UC Riverside

In this research we use the tGAP (Topological Generalized Area Partition) methodology to create and consume a variable-scale topological reactive data structure to progressively transfer vector-based GIS data in client/server architectures. Many researches has been carried out in the past in this subject and different approaches and variations of the tGAP data structure have been proposed, but the problem of how to effectively communicate and transfer the data between clients and servers in client/server architecture has not been the main focus of the previous works. We describe various tGAP data structures and implement an ameliorated version of the tGAP data structure using left-right topology without edge references that minimizes both usage of the network bandwidth and the amount of data stored in the database which in turn minimizes the execution time of attribute and spatial queries.

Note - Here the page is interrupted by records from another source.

Lemma ccint_cross p q z : p != q ->
  ccint p q z =
  (cross (hcoord p) (hcoord q) * cross (hcoord p) (hcoord z) * cross (hcoord z) (hcoord q) <= 0).
Proof.
case: p q => [x|] [y|] //= pq; first last.
- by case: z => [t|]; rewrite /cross /=; [apply/idP/idP => h | apply/esym]; lra.
- by case: z => [t|]; rewrite /cross /=; [apply/idP/idP => h | apply/esym]; lra.
have xy : x != y by apply: contraNneq pq => ->.
case: ltgtP xy => // [x_lt_y | y_lt_x] _; case: z => [t|]; rewrite /cross /= ?(mulr1, mul1r).
- have -> : (x - y) * (x - t) * (t - y) = - ((y - x) * ((t - x) * (y - t))) by ring.
  rewrite oppr_le0 pmulr_rge0 ?subr_gt0 //.
  by apply/idP/idP => [/andP[] *|h]; [rewrite mulr_ge0 ?subr_ge0 | apply/andP; split; nra].
- by apply/esym/negbTE; rewrite -ltNge; lra.
- have -> : (x - y) * (x - t) * (t - y) = (x - y) * ((x - t) * (t - y)) by ring.
  rewrite pmulr_rle0 ?subr_gt0 //.
  by apply/idP/idP => [/orP[]|]; [nra | nra | case: lerP => //= *; nra].
- by apply/esym; lra.
Qed.

Lemma ccint_cross_sign p q (s : R) : p != q -> s != 0 ->
  exists2 J, J = ccint p q \/ J = ccint q p &
    forall z, J z = (0 <= s * (cross (hcoord p) (hcoord z) * cross (hcoord z) (hcoord q))).
Proof.
move=> pq s_neq0; set d := cross (hcoord p) (hcoord q).
have d_neq0 : d != 0 by apply: contra pq => /eqP /cross_hcoord_eq0 ->.
have s2_gt0 : 0 < s ^+ 2 by rewrite exprn_even_gt0.
have [sd_lt0|sd_gt0] : s * d < 0 \/ 0 < s * d.
  by case: ltgtP (mulf_neq0 s_neq0 d_neq0) => // *; [left|right].
- exists (ccint p q); first by left.
  move=> z; rewrite ccint_cross // -/d -(pmulr_rle0 _ s2_gt0).
  set a := cross _ (hcoord z); set b := cross (hcoord z) _.
  have -> : s ^+ 2 * (d * a * b) = (s * d) * (s * (a * b)) by ring.
  by rewrite nmulr_rle0.
exists (ccint q p); first by right.
move=> z; rewrite ccint_cross 1?eq_sym // -(pmulr_rle0 _ s2_gt0).
rewrite [cross (hcoord q) (hcoord p)]cross_anti [cross (hcoord q) _]cross_anti.
rewrite [cross _ (hcoord p)]cross_anti -/d.
set a := cross _ (hcoord z); set b := cross (hcoord z) _.
have -> : s ^+ 2 * (- d * - b * - a) = - ((s * d) * (s * (a * b))) by ring.
by rewrite oppr_le0 pmulr_rge0.
Qed.

Lemma maps_into_itself_cross X v w (s : R) (J : P1 R -> bool) : \det X != 0 ->
  (forall z, J z = (0 <= s * (cross v (hcoord z) * cross (hcoord z) w))) ->
  (forall x, 0 <= s * (cross v x * cross x w) ->
     0 <= s * (cross v (mxv X x) * cross (mxv X x) w)) ->
  maps_into_itself X J.
Proof.
move=> detX JE hX z; rewrite !JE => /hX.
have [c c_neq0 ->] := mob_hcoord z detX; rewrite cross_scaler cross_scalel.
set a := cross v _; set b := cross _ w.
have -> : s * (c * a * (c * b)) = c ^+ 2 * (s * (a * b)) by ring.
by move=> h; rewrite mulr_ge0 ?sqr_ge0.
Qed.

Lemma I_exists_common_eigval A C p q l : \det A = 1 -> \det C = 1 -> 0 < l ->
  eigvec A (hcoord p) l -> eigvec C (hcoord q) l -> 2 <= \tr (A *m C) -> I_exists A C p q.
Proof.
move=> detA detC l_gt0 Ap Cq trAC_ge2; have l_neq0 := lt0r_neq0 l_gt0.
set v := hcoord p in Ap *; set w := hcoord q in Cq *.
have [/cross_hcoord_eq0 -> | vw] := eqVneq (cross v w) 0; [by left | right].
have pq : p != q by apply: contra vw => /eqP pq; rewrite /v /w pq crossvv.
set k := cross (mxv A w) w / cross v w; set k' := cross v (mxv C v) / cross v w.
have Ax x : cross (mxv A x) w = l * cross x w + k * cross v x := cross_mxv_decompl x Ap vw.
have Cx x : cross v (mxv C x) = l * cross v x + k' * cross x w := cross_mxv_decompr x Cq vw.
have trAC : \tr (A *m C) = 2 + k * k'.
  apply: (mulIf vw); rewrite mxtrace_cross !mxv_mul Ax Cq mxv_scale cross_scaler.
  rewrite (cross_eigvec_mxv detA l_neq0 Ap) (cross_mxv_eigvec detC l_neq0 Cq) Cx crossvv.
  by field.
(* [tr (A C) = 2 + k k'] gives [k] and [k'] a common sign [s]; both maps then preserve the
   sign of [s [v, z] [z, w]], which tells on which of the two arcs between [p] and [q] lies [z]. *)
pose s : R := if (0 <= k) && (0 <= k') then 1 else -1.
have s_neq0 : s != 0 by rewrite /s; case: ifP; rewrite ?oppr_eq0 oner_eq0.
have [sk_ge0 sk'_ge0] : 0 <= s * k /\ 0 <= s * k'.
  rewrite /s; case: ifP => [/andP[] | /negbT]; rewrite ?mul1r // negb_and -!ltNge.
  by case/orP=> ?; split; nra.
have [J J_ccint JE] := ccint_cross_sign pq s_neq0.
exists J; split=> //; split; apply: (maps_into_itself_cross _ JE) => [|x];
  rewrite ?detA ?detC ?oner_neq0 //.
  rewrite (cross_eigvec_mxv detA l_neq0 Ap) Ax => h.
  have -> : s * (cross v x / l * (l * cross x w + k * cross v x)) =
            s * (cross v x * cross x w) + s * k * cross v x ^+ 2 / l by field.
  by rewrite addr_ge0 // divr_ge0 ?(ltW l_gt0) // mulr_ge0 // sqr_ge0.
rewrite (cross_mxv_eigvec detC l_neq0 Cq) Cx => h.
have -> : s * ((l * cross v x + k' * cross x w) * (cross x w / l)) =
          s * (cross v x * cross x w) + s * k' * cross x w ^+ 2 / l by field.
by rewrite addr_ge0 // divr_ge0 ?(ltW l_gt0) // mulr_ge0 // sqr_ge0.
Qed.

Lemma attr_fix_invmx X p : \det X = 1 -> rep_fix X p -> attr_fix (invmx X) p.
Proof.
move=> detX [l [/andP[l_gt0 l_le1] /p1vec_eigvecP Xp]].
exists l^-1; split; first by rewrite invf_ge1.
exact/p1vec_eigvecP/(eigvec_invmx detX (lt0r_neq0 l_gt0) Xp).
Qed.

Lemma rep_fix_invmx X p : \det X = 1 -> attr_fix X p -> rep_fix (invmx X) p.
Proof.
move=> detX [l [l_ge1 /p1vec_eigvecP Xp]]; have l_gt0 : 0 < l by lra.
exists l^-1; split; first by rewrite invr_gt0 l_gt0 invf_le1.
exact/p1vec_eigvecP/(eigvec_invmx detX (lt0r_neq0 l_gt0) Xp).
Qed.

Lemma attr_fix_common_eigval A B p q : \det A = 1 -> \det B = 1 -> \tr A = \tr B ->
  attr_fix A p -> attr_fix B q ->
  exists2 l, 1 <= l & eigvec A (hcoord p) l /\ eigvec B (hcoord q) l.
Proof.
move=> detA detB trAB /attr_fix_eigvec[l l_ge1 Ap] /attr_fix_eigvec[m m_ge1 Bq].
exists l => //; split=> //; suff -> : l = m by [].
apply: add_inv_inj => //.
rewrite -(mxtrace_eigvec_hcoord detA _ Ap) ?trAB ?(mxtrace_eigvec_hcoord detB _ Bq) //.
  by rewrite gt_eqF //; lra.
by rewrite gt_eqF //; lra.
Qed.

Lemma well_oriented_mxtrace_lt2 A B : \det A = 1 -> \det B = 1 -> \tr A = \tr B ->
  well_oriented A B -> \tr (A *m invmx B) < 2.
Proof.
move=> detA detB trAB [[[p1 [q1 [Ap1 [Bq1 _]]]] [p2 [q2 [Ap2 [Bq2 _]]]]] not_coh].
rewrite ltNge; apply/negP => trABi_ge2; apply: not_coh.
have detBi := det_invmx1 detB.
have Biq2 := attr_fix_invmx detB Bq2; have Aip2 := attr_fix_invmx detA Ap2.
split; [exists p1, q2 | exists p2, q1].
  split=> //; split=> //.
  have trABi : \tr A = \tr (invmx B) by rewrite mxtrace_invmx.
  have [l l_ge1 [Ap Biq]] := attr_fix_common_eigval detA detBi trABi Ap1 Biq2.
  by apply: I_exists_common_eigval Ap Biq trABi_ge2 => //; lra.
split=> //; split; first exact: rep_fix_invmx.
rewrite invmxK; have detAi := det_invmx1 detA.
have trAiB : \tr (invmx A) = \tr B by rewrite mxtrace_invmx.
have [l l_ge1 [Aip Bq]] := attr_fix_common_eigval detAi detB trAiB Aip2 Bq1.
apply: I_exists_common_eigval Aip Bq _ => //; first lra.
by rewrite mxtrace_invmx_mul.
Qed.

Definition triu2 (l c : R) : 'M[R]_2 := mx2 l c 0 l^-1.
Definition tril2 (l c : R) : 'M[R]_2 := mx2 l 0 c l^-1.

Lemma cross_eigvec_inv_neq0 A B p q l : \det A = 1 -> \det B = 1 -> 0 < l ->
  eigvec A (hcoord p) l -> eigvec B (hcoord q) l^-1 -> \tr (A *m B) != 2 ->
  cross (hcoord p) (hcoord q) != 0.
Proof.
move=> detA detB l_gt0 Ap Bq; apply: contra => /eqP /cross_hcoord_eq0 pq.
have ABp : eigvec (A *m B) (hcoord p) 1.
  rewrite /eigvec mxv_mul -pq in Bq *; rewrite Bq mxv_scale Ap.
  by case: (hcoord p) => x y; rewrite /scalev /=; congr pair; field; exact: lt0r_neq0.
have detAB : \det (A *m B) = 1 by rewrite det_mulmx detA detB mulr1.
by rewrite (mxtrace_eigvec_hcoord detAB (oner_neq0 R) ABp) invr1.
Qed.

Lemma sl2_normal_form A B p q l : \det A = 1 -> \det B = 1 -> 1 <= l ->
  eigvec A (hcoord p) l -> eigvec B (hcoord q) l^-1 -> (l + l^-1) ^+ 2 - 2 < \tr (A *m B) ->
  exists P c, [/\ P \in unitmx, 0 < c, A *m P = P *m triu2 l c & B *m P = P *m tril2 l c].
Proof.
move=> detA detB l_ge1 Ap Bq trAB; have l_gt0 : 0 < l by lra.
have l_neq0 := lt0r_neq0 l_gt0.
have sq_ge2 : 2 <= (l + l^-1) ^+ 2 - 2 by have := add_inv_ge2 l_gt0; nra.
have vw : cross (hcoord p) (hcoord q) != 0.
  by apply: cross_eigvec_inv_neq0 Ap Bq _ => //; apply/eqP; lra.
have := eigvec_pair_mxtrace detA detB l_neq0 Ap Bq vw.
set k := _ / _; set k' := _ / _ => trAB_eq.
have kk_gt0 : 0 < k * k'.
  move: trAB; rewrite trAB_eq sqrrD mulfV //; lra.
have k_neq0 : k != 0 by apply: contraTneq kk_gt0 => ->; rewrite mul0r ltxx.
pose c := Num.sqrt (k * k').
have c_gt0 : 0 < c by rewrite sqrtr_gt0.
have cc : c * c = k * k' by rewrite -expr2 sqr_sqrtr // ltW.
have b_neq0 : c / k != 0 by rewrite mulf_neq0 ?invr_eq0 // lt0r_neq0.
have [AP BP] := eigvec_pair_conj detA detB l_neq0 Ap Bq vw b_neq0.
exists (colmx2 (hcoord p) (scalev (c / k) (hcoord q))), c; split=> //.
- exact: eigvec_pair_unitmx.
- by rewrite AP /triu2 divfK.
rewrite BP /tril2; congr (_ *m mx2 _ _ _ _).
by rewrite invf_div mulrA [k' * k]mulrC -cc mulfK // lt0r_neq0.
Qed.

Lemma well_oriented_normal_form A B :
  \det A = 1 -> \det B = 1 -> \tr A = \tr B -> well_oriented A B ->
  exists P l c, [/\ P \in unitmx, 0 < l, 0 < c, A *m P = P *m triu2 l c & B *m P = P *m tril2 l c].
Proof.
move=> detA detB trAB wo.
have trABi := well_oriented_mxtrace_lt2 detA detB trAB wo.
case: wo => -[[p [_ [Ap _]]] [_ [q [_ [Bq _]]]]] _.
have detBi := det_invmx1 detB.
have trABi' : \tr A = \tr (invmx B) by rewrite mxtrace_invmx.
have [l l_ge1 [Ap' Biq]] := attr_fix_common_eigval detA detBi trABi' Ap (attr_fix_invmx detB Bq).
have l_neq0 : l != 0 by rewrite gt_eqF //; lra.
have Bq' : eigvec B (hcoord q) l^-1.
  by rewrite -[B]invmxK; exact: (eigvec_invmx detBi l_neq0 Biq).
have trAB_gt : (l + l^-1) ^+ 2 - 2 < \tr (A *m B).
  have := mxtrace_mul_add_invmx A detB.
  by rewrite -trAB (mxtrace_eigvec_hcoord detA l_neq0 Ap') -expr2; lra.
have [P [c [uP c_gt0 AP BP]]] := sl2_normal_form detA detB l_ge1 Ap' Bq' trAB_gt.
by exists P, l, c; split=> //; lra.
Qed.

End ProjectiveLine.

Section Words.
Implicit Types (u w : word) (c : bool).

Lemma wpowS w n : wpow w n.+1 = w ++ wpow w n. Proof. by []. Qed.

Lemma wpow2 w : wpow w 2 = w ++ w.
Proof. by rewrite /wpow /= cats0. Qed.

Lemma size_wpow w n : size (wpow w n) = (size w * n)%N.
Proof. by elim: n => [|n IHn]; rewrite ?muln0 // wpowS size_cat IHn mulnS. Qed.

Lemma wpow_catC w n : wpow w n ++ w = w ++ wpow w n.
Proof. by elim: n => [|n IHn] /=; rewrite ?cats0 // -catA IHn. Qed.

Lemma lex_lt_irr w : lex_lt w w = false.
Proof. by elim: w => [|x w IHw] //=; rewrite IHw eqxx andbF orbF; case: x. Qed.

Lemma wpow_not_lyndon w k : size w = 2%N -> (1 < k)%N -> ~ lyndon (wpow w k).
Proof.
move=> w2 k_gt1.
have rot2 : rot 2 (wpow w k) = wpow w k.
  by case: k k_gt1 => [|k] // _; rewrite wpowS -{1}w2 rot_size_cat wpow_catC.
case=> _ /(_ 2%N); rewrite rot2 lex_lt_irr size_wpow w2 => lyn2.
by suff /lyn2 : (0 < 2 < 2 * k)%N by []; rewrite /=; lia.
Qed.

Fixpoint alt c n : word := if n is n'.+1 then c :: alt (~~ c) n' else [::].

Lemma alt_double c k : alt c k.*2 = wpow [:: c; ~~ c] k.
Proof. by elim: k c => [|k IHk] c //=; rewrite negbK IHk. Qed.

Lemma alt_doubleS c k : alt c k.*2.+1 = wpow [:: c; ~~ c] k ++ [:: c].
Proof. by elim: k c => [|k IHk] c //=; rewrite negbK -(IHk c). Qed.

Lemma square_factor_or_alt u :
  (exists U1 U2 c, u = U1 ++ [:: c; c] ++ U2) \/ (exists c, u = alt c (size u)).
Proof.
elim: u => [|x u [[U1 [U2 [c ->]]] | [c u_alt]]]; first by right; exists false.
  by left; exists (x :: U1), U2, c.
case: u u_alt => [|y u] u_alt; first by right; exists x.
have [<-|xy] := eqVneq x y; first by left; exists [::], u, x.
right; exists x; case: u_alt => <- u_alt /=.
have nx : ~~ x = y by move: xy; case: (x); case: (y).
by rewrite nx -u_alt.
Qed.

Lemma square_factor_or_wpow u : u <> [::] ->
  (exists U1 U2 c, u ++ u = U1 ++ [:: c; c] ++ U2) \/
  (exists2 k, (0 < k)%N & u = wpow [:: la; lb] k \/ u = wpow [:: lb; la] k).
Proof.
move=> u_neq0; have [[U1 [U2 [c u_sq]]] | [c u_alt]] := square_factor_or_alt u.
  by left; exists U1, (U2 ++ u), c; rewrite {1}u_sq -!catA.
have := odd_double_half (size u); set k := (size u)./2; case: odd => /= size_u.
  have u_eq : u = alt c k.*2.+1 by rewrite {1}u_alt -size_u.
  left; exists (wpow [:: c; ~~ c] k), (alt (~~ c) k.*2), c.
  by rewrite {1}u_eq alt_doubleS u_eq -catA.
right; exists k.
  by rewrite lt0n; apply: contra_notN u_neq0 => /eqP k0; rewrite u_alt -size_u k0.
by rewrite u_alt -size_u alt_double; case: c {u_alt}; [right | left].
Qed.

Lemma complete_optimal_ab (R : realType) (A B : 'M[R]_2) :
  maximal A B [:: la; lb] ->
  (forall w, maximal A B w ->
     exists2 k, (0 < k)%N & w = wpow [:: la; lb] k \/ w = wpow [:: lb; la] k) ->
  forall S : word -> Prop, complete_optimal A B S <-> (forall w, S w <-> w = [:: la; lb]).
Proof.
move=> max_ab max_wpow.
have lyn_ab : lyndon [:: la; lb] by split=> // -[|[|k]].
have lyn_max w : maximal A B w -> lyndon w -> w = [:: la; lb].
  move=> /max_wpow[[|[|k]] // _ [->|->]] lyn_w //.
  - by case: lyn_w => _ /(_ 1%N isT).
  - by case: (@wpow_not_lyndon [:: la; lb] k.+2 erefl isT lyn_w).
  - by case: (@wpow_not_lyndon [:: lb; la] k.+2 erefl isT lyn_w).
move=> S; split=> [[S_opt S_cover] w | S_ab].
  split=> [/S_opt[]|->]; first exact: lyn_max.
  have [u [r [k [Su _]]]] := S_cover _ max_ab.
  by have [max_u lyn_u] := S_opt u Su; rewrite -(lyn_max u max_u lyn_u).
split=> [w /S_ab -> // | w /max_wpow[k k_gt0 [->|->]]].
  by exists [:: la; lb], 0%N, k; rewrite S_ab.
by exists [:: la; lb], 1%N, k; rewrite S_ab.
Qed.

We propose two different architectures and perform methodology comparisons. First, we design a client that progressively polls vector-based spatial data from a server. The client application initiates the requests based on its current map extent and keeps track of the features drawn on the map. Every time the user pans or zooms to a smaller/larger scale in the map the multi-threaded application will asynchronously request for the termination of the previous request (if it is still in progress) and polls the data for the new scale/extent. The advantage of multi-threaded architecture in the client is that the UI thread never gets blocked while the background thread is submitting the request and retrieving the spatial data from the server. On the other hand usage of the tGAP data structures will allow the server to transfer spatial data from higher importance levels down to the lower importance levels based upon the hierarchical information that has been stored for all the faces and the edges, i.e. generalized versions of the faces will be transferred first and the client will progressively update the content of its map view by retrieving lower important neighboring objects to obtain more details.

In our second design the client submits a request for the geographical data in a given map extent and server fetches the data from a spatial database. The difference with the previous approach is that this time the server pushes the data to the client and keeps track of the objects submitted to each client (session). A background thread in each client retrieves objects from the server in the same fashion, i.e. objects with higher importance levels come and drawn first etc... Since the client benefits from multi-threaded mechanism users would be able to interact with the map while data are pushing from the server and no blockage in their UI thread will occur.

In the end we will analyze and compare both methodologies and investigate the effectiveness of database indexes as well as spatial indexes in their performance and will show how both approaches could benefit from them.